▶ [Description of the task]
Between the line containing "forall n, exists" and the line containing "Proof. by rewrite -addn1 PoszD. Qed." lies a run of lines; give that run again exactly, with both of those lines, and nothing else from the entries below.

Collected data entries:
__________

(* Let $q\neq0$ and let $D\subseteq\mathbb C\setminus\{0\}$ satisfy $qD\subseteq D$. Suppose that for each integer $n\ge-1$ we are given functions $\tilde{\mathcal F}(\cdot;n),\tilde{\mathcal G}(\cdot;n):D\to\mathbb C$ and constants $\tilde\mu(n)$, with $\tilde\mu(-1)=0$ and $\tilde{\mathcal G}(z;-1)\neq0$ for all $z\in D$, satisfying for all $n\ge-1$ and $z\in D$ $$\tilde{\mathcal F}(qz;n+1)+\tilde{\mathcal G}(z;n+1)=\tilde{\mathcal F}(z;n)+\tilde{\mathcal G}(qz;n),$$ $$\tilde{\mathcal F}(z;n+1)\tilde{\mathcal G}(z;n+1)=\tilde{\mathcal F}(z;n)\tilde{\mathcal G}(z;n)+\tilde\mu(n)-\tilde\mu(n+1).$$ Define $\tilde{\mathcal P}_0\equiv1$ and, for $n\ge0$, $\tilde{\mathcal P}_{n+1}(z)=-\tilde{\mathcal G}(z;-1)\tilde{\mathcal P}_n(qz)+\tilde{\mathcal F}(z;n)\tilde{\mathcal P}_n(z)$. Then for every $n\ge0$: (i) $\tilde{\mathcal P}_n$ solves $$\tilde{\mathcal G}(qz;-1)\tilde{\mathcal P}_n(q^2z)-\big[\tilde{\mathcal F}(qz;n)+\tilde{\mathcal G}(z;n)\big]\tilde{\mathcal P}_n(qz)+\tilde{\mathcal F}(z;-1)\tilde{\mathcal P}_n(z)=0\quad(z\in D);$$ (ii) $-\tilde{\mathcal G}(z;-1)\tilde{\mathcal P}_{n+1}(qz)+\tilde{\mathcal G}(z;n)\tilde{\mathcal P}_{n+1}(z)=-\tilde\mu(n)\tilde{\mathcal P}_n(z)$; (iii) for $n\ge1$, $\tilde{\mathcal P}_{n+1}(z)+\tilde\mu(n-1)\tilde{\mathcal P}_{n-1}(z)=\big(\tilde{\mathcal F}(z;n)-\tilde{\mathcal G}(z;n-1)\big)\tilde{\mathcal P}_n(z)$. Moreover, if in addition there are constants $c_0(n),c_1(n)$ with $\tilde{\mathcal F}(z;n)-\tilde{\mathcal G}(z;n-1)=c_0(n)\chi(z)+c_1(n)$ for all $n\ge0$ and $z\in D$, then each $\tilde{\mathcal P}_n(z)$ is a polynomial in $\chi(z)$ of degree at most $n$.
   Context: $\chi(z)=\frac{z+z^{-1}}{2}$. The two displayed equations are the (q-version) Infeld–Hull factorization system: they express that, with $u_2(z)=-\tilde{\mathcal G}(z;-1)$, the operators $(u_2(z)\mathbf E_q+\tilde{\mathcal G}(z;n))(u_2(z)\mathbf E_q+\tilde{\mathcal F}(z;n))$ and $(u_2(z)\mathbf E_q+\tilde{\mathcal F}(z;n))(u_2(z)\mathbf E_q+\tilde{\mathcal G}(z;n))$ differ from consecutive members of one family of second-order operators by constants, where $(\mathbf E_qf)(z)=f(qz)$. *)

From HB Require Import structures.
From mathcomp Require Import all_boot all_order all_algebra.
From mathcomp Require Import reals complex.
Set Implicit Arguments. Unset Strict Implicit. Unset Printing Implicit Defensive.
Import Order.TTheory GRing.Theory Num.Theory.
Local Open Scope ring_scope.

Definition chi (R : realType) (z : R[i]) : R[i] := (z + z^-1) / 2%:R.

(* tilde P_n, with F n z = tilde F(z;n), G n z = tilde G(z;n), n : int.
   P_0 = 1, P_{n+1}(z) = - G(z;-1) P_n(qz) + F(z;n) P_n(z). *)
Fixpoint Ptilde (R : realType) (q : R[i]) (F G : int -> R[i] -> R[i])
    (n : nat) (z : R[i]) {struct n} : R[i] :=
  match n with
  | 0%N => 1
  | m.+1 => - G (-1) z * Ptilde q F G m (q * z) + F (Posz m) z * Ptilde q F G m z
  end.

From HB Require Import structures.
From mathcomp Require Import all_boot all_order all_algebra.
From mathcomp Require Import reals complex.
From mathcomp Require Import ring.
Set Implicit Arguments. Unset Strict Implicit. Unset Printing Implicit Defensive.
Import Order.TTheory GRing.Theory Num.Theory.
Local Open Scope ring_scope.

(* The compatibility conditions make [F(z;n) G(z;n) + mu(n)] independent of
   [n].  Writing [L_n] for the second-order q-operator of (i), the ladder
   expression of (ii) equals
     [G(z;-1) (L_n P_n)(z) + (F(z;n) G(z;n) - F(z;-1) G(z;-1)) P_n(z)],
   so (i) at level [n] gives (ii) at level [n].  Conversely
   [G(z;-1) (L_(n+1) P_(n+1))(z)] is a combination of the ladder expressions at
   [z] and [qz] and of the same conserved quantity, so (ii) at level [n] gives
   (i) at level [n+1]; this division by [G(z;-1)] is where its non-vanishing is
   used.  Combining (ii) with the defining recurrence yields the three-term
   recurrence (iii), and a three-term recurrence with coefficients affine in
   [chi] produces polynomials in [chi]. *)

Lemma size_affine_poly {K : nzRingType} (a c : K) :
  (size (a *: 'X + c%:P)%R <= 2)%N.
Proof.
apply: leq_trans (size_polyD _ _) _; rewrite geq_max.
rewrite (leq_trans (size_scale_leq _ _)) ?size_polyX //.
exact: leq_trans (size_polyC_leq1 _) _.
Qed.

Lemma three_term_recurrence_poly (K : comNzRingType) (T : Type) (D : pred T)
    (x : T -> K) (s : nat -> T -> K) (a c b : nat -> K) :
  (forall z, z \in D -> s 0%N z = 1) ->
  (forall z, z \in D -> s 1%N z = a 0%N * x z + c 0%N) ->
  (forall n z, z \in D ->
     s n.+2 z = (a n.+1 * x z + c n.+1) * s n.+1 z - b n * s n z) ->
  forall n, exists p : {poly K},
    (size p <= n.+1)%N /\ forall z, z \in D -> s n z = p.[x z].
Proof.
move=> s0 s1 sS n.
suff [p [p' [sz_p _ sp]]] : exists p p' : {poly K},
    [/\ (size p <= n.+1)%N, (size p' <= n.+2)%N &
        forall z, z \in D -> s n z = p.[x z] /\ s n.+1 z = p'.[x z]].
  by exists p; split=> // z /sp[].
elim: n => [|n [p [p' [sz_p sz_p' sp]]]].
  exists 1, (a 0%N *: 'X + (c 0%N)%:P); split.
  - by rewrite size_poly1.
  - exact: size_affine_poly.
  - move=> z Dz; rewrite s0 // s1 //.
    by rewrite !hornerE.
exists p', ((a n.+1 *: 'X + (c n.+1)%:P) * p' - b n *: p); split=> //.
- apply: leq_trans (size_polyD _ _) _; rewrite geq_max size_polyN; apply/andP; split.
    apply: leq_trans (size_polyMleq _ _) _.
    by move: (leq_add (size_affine_poly (a n.+1) (c n.+1)) sz_p'); case: (_ + _)%N.
  by rewrite (leq_trans (size_scale_leq _ _)) // (leq_trans sz_p) // ltnW.
- move=> z Dz; have [sn sn1] := sp z Dz; split=> //.
  by rewrite sS // !hornerE sn sn1.
Qed.

Lemma PoszS (m : nat) : m.+1%:Z = m%:Z + 1.
Proof. by rewrite -addn1 PoszD. Qed.

Lemma Posz_subn1 (m : nat) : m.+1%:Z - 1 = m.
Proof. by rewrite PoszS addrK. Qed.

Section QLadder.

Variables (R : realType) (q : R[i]) (D : pred R[i]).
Variables (F G : int -> R[i] -> R[i]) (mu : int -> R[i]).

Hypothesis D_mulq : forall z, z \in D -> q * z \in D.
Hypothesis mu_m1 : mu (-1) = 0.
Hypothesis G_m1_neq0 : forall z, z \in D -> G (-1) z != 0.
Hypothesis FG_sum : forall (n : int) z, -1 <= n -> z \in D ->
  F (n + 1) (q * z) + G (n + 1) z = F n z + G n (q * z).
Hypothesis FG_prod : forall (n : int) z, -1 <= n -> z \in D ->
  F (n + 1) z * G (n + 1) z = F n z * G n z + mu n - mu (n + 1).

Local Notation P := (Ptilde q F G).

Lemma PtildeS n z : P n.+1 z = - G (-1) z * P n (q * z) + F n z * P n z.
Proof. by []. Qed.

Lemma FG_sum_m1 z : z \in D ->
  F 0 (q * z) + G 0 z = F (-1) z + G (-1) (q * z).
Proof. by move=> Dz; have := FG_sum (lexx _) Dz; rewrite addNr. Qed.

Lemma FG_sum_nat (m : nat) z : z \in D ->
  F m.+1 (q * z) + G m.+1 z = F m z + G m (q * z).
Proof. by move=> Dz; rewrite PoszS FG_sum. Qed.

Lemma FG_prod_conserved (m : nat) z : z \in D ->
  F m z * G m z = F (-1) z * G (-1) z - mu m.
Proof.
move=> Dz; elim: m => [|m IH].
  by rewrite (FG_prod (lexx _) Dz) mu_m1 addr0.
by rewrite PoszS FG_prod // IH; ring.
Qed.

Definition qdiff_residual (n : nat) (z : R[i]) : R[i] :=
  G (-1) (q * z) * P n (q ^+ 2 * z)
  - (F n (q * z) + G n z) * P n (q * z) + F (-1) z * P n z.

Definition ladder (n : nat) (z : R[i]) : R[i] :=
  - G (-1) z * P n.+1 (q * z) + G n z * P n.+1 z.

Lemma ladderE n z :
  ladder n z = G (-1) z * qdiff_residual n z
               + (F n z * G n z - F (-1) z * G (-1) z) * P n z.
Proof. by rewrite /ladder /qdiff_residual /= expr2 -mulrA; ring. Qed.

Lemma qdiff_residualSE n z : z \in D ->
  G (-1) z * qdiff_residual n.+1 z =
    - G (-1) z * ladder n (q * z) + F n z * ladder n z
    + (F (-1) z * G (-1) z - F n z * G n z) * P n.+1 z.
Proof.
by move=> Dz; rewrite /qdiff_residual /ladder expr2 -mulrA FG_sum_nat //=; ring.
Qed.

Lemma ladder_of_residual n z : z \in D -> qdiff_residual n z = 0 ->
  ladder n z = - mu n * P n z.
Proof. by move=> Dz res0; rewrite ladderE res0 FG_prod_conserved //; ring. Qed.

Lemma qdiff_residual_eq0 n z : z \in D -> qdiff_residual n z = 0.
Proof.
elim: n z => [|n IH] z Dz.
  by rewrite /qdiff_residual /= !mulr1 FG_sum_m1 //; ring.
apply: (mulfI (G_m1_neq0 Dz)); rewrite mulr0 qdiff_residualSE //.
rewrite !ladder_of_residual ?IH ?D_mulq // FG_prod_conserved //=; ring.
Qed.

Lemma Ptilde_ladder n z : z \in D -> ladder n z = - mu n * P n z.
Proof. by move=> Dz; rewrite ladder_of_residual ?qdiff_residual_eq0. Qed.

Lemma Ptilde_three_term n z : z \in D ->
  P n.+2 z + mu n * P n z = (F n.+1 z - G n z) * P n.+1 z.
Proof.
move=> Dz; rewrite [P n.+2 z]PtildeS.
by have /(canRL (addrK _)) -> := Ptilde_ladder n Dz; ring.
Qed.

End QLadder.

Theorem proposition2 (R : realType) (q : R[i]) (D : pred R[i])
    (F G : int -> R[i] -> R[i]) (mu : int -> R[i]) :
  q != 0 ->
  (forall z, z \in D -> z != 0) ->
  (forall z, z \in D -> q * z \in D) ->
  mu (-1) = 0 ->
  (forall z, z \in D -> G (-1) z != 0) ->
  (forall (n : int) z, -1 <= n -> z \in D ->
     F (n + 1) (q * z) + G (n + 1) z = F n z + G n (q * z)) ->
  (forall (n : int) z, -1 <= n -> z \in D ->
     F (n + 1) z * G (n + 1) z = F n z * G n z + mu n - mu (n + 1)) ->
  let P := Ptilde q F G in
  (* (i) *)
  (forall (n : nat) z, z \in D ->
     G (-1) (q * z) * P n (q ^+ 2 * z)
     - (F n (q * z) + G n z) * P n (q * z) + F (-1) z * P n z = 0) /\
  (* (ii) *)
  (forall (n : nat) z, z \in D ->
     - G (-1) z * P n.+1 (q * z) + G n z * P n.+1 z = - mu n * P n z) /\
  (* (iii) *)
  (forall (n : nat) z, (1 <= n)%N -> z \in D ->
     P n.+1 z + mu (n%:Z - 1) * P n.-1 z = (F n z - G (n%:Z - 1) z) * P n z) /\
  (* moreover *)
  (forall c0 c1 : nat -> R[i],
     (forall (n : nat) z, z \in D -> F n z - G (n%:Z - 1) z = c0 n * chi z + c1 n) ->
     forall n : nat, exists p : {poly R[i]},
       (size p <= n.+1)%N /\ forall z, z \in D -> P n z = p.[chi z]).
Proof.
(* [q != 0] and [0 \notin D] only make the paper's q-operators meaningful. *)
move=> _ _ Dq mu1 G_neq0 Hsum Hprod P.
have three_term := Ptilde_three_term Dq mu1 G_neq0 Hsum Hprod.
split; first exact: (qdiff_residual_eq0 Dq mu1 G_neq0 Hsum Hprod).
split; first exact: (Ptilde_ladder Dq mu1 G_neq0 Hsum Hprod).
split.
  by case=> [//|m] z _ Dz; rewrite Posz_subn1 three_term //.
move=> c0 c1 Hc.
apply: (@three_term_recurrence_poly _ _ D (@chi R) P c0 c1 (fun n => mu n)).
- by [].
- by move=> z Dz; rewrite -(Hc 0%N z Dz) /P /= !mulr1 addrC.
- move=> n z Dz; rewrite -(Hc n.+1 z Dz) Posz_subn1 -three_term //.
  by rewrite addrK.
Qed.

__________

▶ [Task output]
  forall n, exists p : {poly K},
    (size p <= n.+1)%N /\ forall z, z \in D -> s n z = p.[x z].
Proof.
move=> s0 s1 sS n.
suff [p [p' [sz_p _ sp]]] : exists p p' : {poly K},
    [/\ (size p <= n.+1)%N, (size p' <= n.+2)%N &
        forall z, z \in D -> s n z = p.[x z] /\ s n.+1 z = p'.[x z]].
  by exists p; split=> // z /sp[].
elim: n => [|n [p [p' [sz_p sz_p' sp]]]].
  exists 1, (a 0%N *: 'X + (c 0%N)%:P); split.
  - by rewrite size_poly1.
  - exact: size_affine_poly.
  - move=> z Dz; rewrite s0 // s1 //.
    by rewrite !hornerE.
exists p', ((a n.+1 *: 'X + (c n.+1)%:P) * p' - b n *: p); split=> //.
- apply: leq_trans (size_polyD _ _) _; rewrite geq_max size_polyN; apply/andP; split.
    apply: leq_trans (size_polyMleq _ _) _.
    by move: (leq_add (size_affine_poly (a n.+1) (c n.+1)) sz_p'); case: (_ + _)%N.
  by rewrite (leq_trans (size_scale_leq _ _)) // (leq_trans sz_p) // ltnW.
- move=> z Dz; have [sn sn1] := sp z Dz; split=> //.
  by rewrite sS // !hornerE sn sn1.
Qed.

Lemma PoszS (m : nat) : m.+1%:Z = m%:Z + 1.
Proof. by rewrite -addn1 PoszD. Qed.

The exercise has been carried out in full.